What you need to do -> Copy whichever lines of the data hold the word "permPl".

Records from a dataset ->
Section MatchingTerm.
Variables (m : nat) (P : {set edge m}).
Hypothesis perfect_P : perfect P.

Lemma count_at_seq_of_matching p :
  count_at p (seq_of_matching P) = \sum_(i < m) p i (tedge P i).
Proof.
rewrite /count_at size_seq_of_matching big_mkord.
by apply: eq_bigr => i _; rewrite nth_seq_of_matching.
Qed.

Lemma sum_Twist_Pmin alpha2 :
  (\sum_(t in Twist (Pmin m (~~ odd m)) P) alpha2 (val t))%R
  = twist_sum alpha2 (seq_of_matching P).
Proof.
rewrite big_mkcond /twist_sum size_seq_of_matching big_mkord; apply: eq_bigr => i _.
by rewrite nth_seq_of_matching (mem_Twist perfect_P (perfect_Pmin m)) tedge_Pmin ltn_ord.
Qed.

Lemma acount_perfect w : 0 < w ->
  acount P w = (\sum_(i < m) (tedge P i && ((if odd i then 1 else 2) == w))).*2.
Proof.
move=> w_gt0; rewrite /acount card_set_sum !big_sumType /=.
rewrite big1 => [|i _]; last by rewrite andbC; case: w w_gt0.
rewrite add0n -addnn; congr (_ + _); apply: eq_bigr => i _.
  by rewrite tedgeE /fw; case: odd.
by rewrite tedge_bedge // bedgeE /fw; case: odd.
Qed.

Lemma Ntiles_even : Ntiles m 1 = uphalf m.
Proof.
rewrite /Ntiles card_set_sum -sum_even_nat big_mkord.
by apply: eq_bigr => i _; rewrite /fw; case: odd.
Qed.

Lemma Ntiles_odd : Ntiles m 2 = m./2.
Proof.
rewrite /Ntiles card_set_sum -sum_odd_nat big_mkord.
by apply: eq_bigr => i _; rewrite /fw; case: odd.
Qed.

Lemma ycount_Pmin w :
  ycount (Pmin m (~~ odd m)) P w = \sum_(i < m) (twisted i (tedge P i) && (fw i == w)).
Proof.
rewrite /ycount card_set_sum; apply: eq_bigr => i _.
by rewrite (mem_Twist perfect_P (perfect_Pmin m)) tedge_Pmin ltn_ord.
Qed.

Lemma nu_Pmin : nu (Pmin m (~~ odd m)) P = seq_nu (seq_of_matching P).
Proof.
rewrite /nu /seq_nu /hor_odd /hor_even /vac_even !count_at_seq_of_matching.
rewrite !acount_perfect // !ycount_Pmin Ntiles_even Ntiles_odd size_seq_of_matching.
rewrite -!mul2n; congr (_, _, _, _);
  [congr (Posz (2 * _) - _)%R | congr (Posz (2 * _) - _)%R | congr Posz | congr Posz];
  by apply: eq_bigr => i _; rewrite /twisted /fw; case: odd; case: tedge.
Qed.

Lemma snake_term_Pmin alpha2 :
  (1%R, ((\sum_(t in Twist (Pmin m (~~ odd m)) P) alpha2 (val t))%R,
         nu (Pmin m (~~ odd m)) P))
  = seq_term alpha2 (seq_of_matching P).
Proof. by rewrite sum_Twist_Pmin nu_Pmin. Qed.

End MatchingTerm.

Lemma perm_snake_sum m withLast alpha2 : withLast = ~~ odd m ->
  perm_eq (snake_sum m withLast alpha2) [seq seq_term alpha2 s | s <- enum_indep m].
Proof.
move->; apply: perm_trans (perm_map (seq_term alpha2) (perm_seq_of_matching m)).
rewrite -map_comp; apply: perm_map_eq_in => P; rewrite mem_enum => perfect_P /=.
exact: snake_term_Pmin.
Qed.

Lemma count_at_rcons p s x : count_at p (rcons s x) = count_at p s + p (size s) x.
Proof.
rewrite /count_at size_rcons big_nat_recr //= nth_rcons ltnn eqxx; congr (_ + _).
by apply: eq_big_nat => t /andP[_ lt_ts]; rewrite nth_rcons lt_ts.
Qed.

Lemma twist_sum_rcons alpha2 s x :
  twist_sum alpha2 (rcons s x) =
  (twist_sum alpha2 s + (if twisted (size s) x then alpha2 (size s) else 0))%R.
Proof.
rewrite /twist_sum size_rcons big_nat_recr //= nth_rcons ltnn eqxx; congr (_ + _)%R.
by apply: eq_big_nat => t /andP[_ lt_ts]; rewrite nth_rcons lt_ts.
Qed.

Lemma hor_even_vac_even s : hor_even s + vac_even s = uphalf (size s).
Proof.
rewrite /hor_even /vac_even /count_at -big_split -sum_even_nat /=.
by apply: eq_bigr => t _; case: odd; case: nth.
Qed.

Lemma Posz_sum_nat k (F : nat -> nat) :
  Posz (\sum_(0 <= t < k) F t) = (\sum_(0 <= t < k) Posz (F t))%R.
Proof. exact: (big_morph Posz PoszD erefl). Qed.

Lemma twist_sum_alphaH2 n s :
  twist_sum (alphaH2 n) s = (twist_sum (alphaG2 n) s + (vac_even s)%:Z)%R.
Proof.
rewrite /twist_sum /vac_even /count_at Posz_sum_nat -big_split /=.
apply: eq_bigr => t _; rewrite /alphaH2 /alphaG2 /twisted /fw.
by case: odd; case: nth; rewrite /= ?addr0 ?add0r.
Qed.

Lemma twist_sum_alphaG2S n s :
  twist_sum (alphaG2 n.+1) s =
  (twist_sum (alphaG2 n) s - (vac_even s)%:Z + (hor_odd s)%:Z)%R.
Proof.
rewrite /twist_sum /vac_even /hor_odd /count_at !Posz_sum_nat -sumrB -!big_split /=.
apply: eq_bigr => t _; rewrite /alphaG2 /twisted /fw.
by case: odd; case: nth => /=; lia.
Qed.

Lemma twist_sum_alphaH2S n s :
  twist_sum (alphaH2 n.+1) s =
  (twist_sum (alphaH2 n) s - (vac_even s)%:Z + (hor_odd s)%:Z)%R.
Proof.
rewrite /twist_sum /vac_even /hor_odd /count_at !Posz_sum_nat -sumrB -!big_split /=.
apply: eq_bigr => t _; rewrite /alphaH2 /twisted /fw.
by case: odd; case: nth => /=; lia.
Qed.

Lemma seq_term_rcons_false_x1 n s : size s = n.*2 ->
  tmul (seq_term (alphaG2 n) (rcons s false)) (unit_term 0 (1, 0, 0, 0)%R)
  = tmul (tmul (unit_term 1 0%R) (seq_term (alphaH2 n) s)) (unit_term 0 (0, 0, 1, 0)%R).
Proof.
move=> size_s; have := hor_even_vac_even s.
rewrite /seq_term /seq_nu twist_sum_alphaH2 twist_sum_rcons /hor_odd /hor_even /vac_even.
rewrite !count_at_rcons size_rcons size_s /twisted /= odd_double uphalf_double half_double.
have -> : alphaG2 n n.*2 = n by rewrite /alphaG2 /fw odd_double -mul2n /=; lia.
rewrite /tmul /lam /vadd /unit_term /= => he_ve.
congr (_, (_, (_, _, _, _))); lia.
Qed.

Lemma seq_term_rcons01_x1 n s : size s = n.*2.+1 ->
  tmul (seq_term (alphaG2 n.+1) (rcons01 s)) (unit_term 0 (1, 0, 0, 0)%R)
  = tmul (seq_term (alphaG2 n) s) (unit_term 0 (0, 1, 0, 0)%R).
Proof.
move=> size_s; have := hor_even_vac_even s.
rewrite /seq_term /seq_nu /rcons01 !twist_sum_rcons twist_sum_alphaG2S /hor_odd /hor_even /vac_even.
rewrite !count_at_rcons !size_rcons size_s /twisted /= !odd_double ?uphalf_double ?half_double.
rewrite /tmul /lam /vadd /unit_term /= => he_ve.
congr (_, (_, (_, _, _, _))); lia.
Qed.

Lemma x2_seq_term_rcons_false n s : size s = n.*2.+1 ->
  tmul (unit_term 0 (0, 1, 0, 0)%R) (seq_term (alphaH2 n.+1) (rcons s false))
  = seq_term (alphaG2 n) s.
Proof.
move=> size_s; have := hor_even_vac_even s.
rewrite /seq_term /seq_nu twist_sum_rcons twist_sum_alphaH2S twist_sum_alphaH2 /hor_odd /hor_even.
rewrite /vac_even !count_at_rcons !size_rcons size_s /twisted /= !odd_double.
rewrite ?uphalf_double ?half_double /tmul /lam /vadd /unit_term /= => he_ve.
congr (_, (_, (_, _, _, _))); lia.
Qed.

Lemma x2_seq_term_rcons01 n s : size s = n.*2 ->
  tmul (unit_term 0 (0, 1, 0, 0)%R) (seq_term (alphaH2 n.+1) (rcons01 s))
  = tmul (tmul (unit_term (-1) 0%R) (unit_term 0 (1, 0, 1, 1)%R)) (seq_term (alphaH2 n) s).
Proof.
move=> size_s; have := hor_even_vac_even s.
rewrite /seq_term /seq_nu /rcons01 !twist_sum_rcons twist_sum_alphaH2S /hor_odd /hor_even /vac_even.
rewrite !count_at_rcons !size_rcons size_s /twisted /alphaH2 /fw /= !odd_double.
rewrite ?uphalf_double ?half_double /tmul /lam /vadd /unit_term /= => he_ve.
congr (_, (_, (_, _, _, _))); lia.
Qed.

Lemma qmul_seq1r X y : qmul X [:: y] = map (tmul^~ y) X.
Proof. by elim: X => //= x X; rewrite /qmul /= => ->. Qed.

Lemma qmul_seq1l x Y : qmul [:: x] Y = map (tmul x) Y.
Proof. by rewrite /qmul /= cats0. Qed.

Lemma perm_qeq X Y : perm_eq X Y -> qeq X Y.
Proof. by move=> pXY k a; rewrite /qcoef (perm_big _ pXY). Qed.

Lemma perm_r n : perm_eq (r n) [seq seq_term (alphaG2 n) s | s <- enum_indep n.*2.+1].
Proof. by apply: perm_snake_sum; rewrite /= odd_double. Qed.

Lemma perm_s n : perm_eq (s n) [seq seq_term (alphaH2 n) s | s <- enum_indep n.*2].
Proof. by apply: perm_snake_sum; rewrite odd_double. Qed.

Lemma enum_indep_size k s : s \in enum_indep k -> size s = k.
Proof. by case/mem_enum_indep. Qed.

Lemma r_x1_recursion n :
  qeq (qmul (r n.+1) x1) (qadd (qmul (qmul qhalf (s n.+1)) y1) (qmul (r n) x2)).
Proof.
apply: perm_qeq; rewrite /qadd /x1 /x2 /y1 /qhalf /M /mono !qmul_seq1r qmul_seq1l.
rewrite (permPl (perm_map _ (perm_r n.+1))).
rewrite (permPr (perm_cat (perm_map _ (perm_map _ (perm_s n.+1))) (perm_map _ (perm_r n)))).
rewrite doubleS enum_indepSS !map_cat -!map_comp.
apply: perm_cat; apply: perm_map_eq_in => b /enum_indep_size size_b.
- exact: seq_term_rcons_false_x1.
- exact: seq_term_rcons01_x1.
Qed.

Lemma x2_s_recursion n :
  qeq (qmul x2 (s n.+1))
      (qadd (r n) (qmul (qmul qmhalf (M (1, 0, 1, 1)%R)) (s n))).
Proof.
apply: perm_qeq; rewrite /qadd /x2 /qmhalf /M /mono !qmul_seq1l.
rewrite (permPl (perm_map _ (perm_s n.+1))).
rewrite (permPr (perm_cat (perm_r n) (perm_map _ (perm_s n)))).
rewrite doubleS enum_indepSS !map_cat -!map_comp.
apply: perm_cat; apply: perm_map_eq_in => b /enum_indep_size size_b.
- exact: x2_seq_term_rcons_false.
- exact: x2_seq_term_rcons01.
Qed.

Unset Implicit Arguments.

Theorem mainTheorem7 (n : nat) (hn : (1 <= n)%N) :
  qeq (qmul (r n) x1) (qadd (qmul (qmul qhalf (s n)) y1) (qmul (r n.-1) x2))
  /\
  qeq (qmul x2 (s n))
      (qadd (r n.-1) (qmul (qmul qmhalf (M (1, 0, 1, 1)%R)) (s n.-1))).
Proof.
case: n hn => // n _.
exact: (conj (r_x1_recursion n) (x2_s_recursion n)).
Qed.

The answer ->
rewrite (permPl (perm_map _ (perm_r n.+1))).
rewrite (permPl (perm_map _ (perm_s n.+1))).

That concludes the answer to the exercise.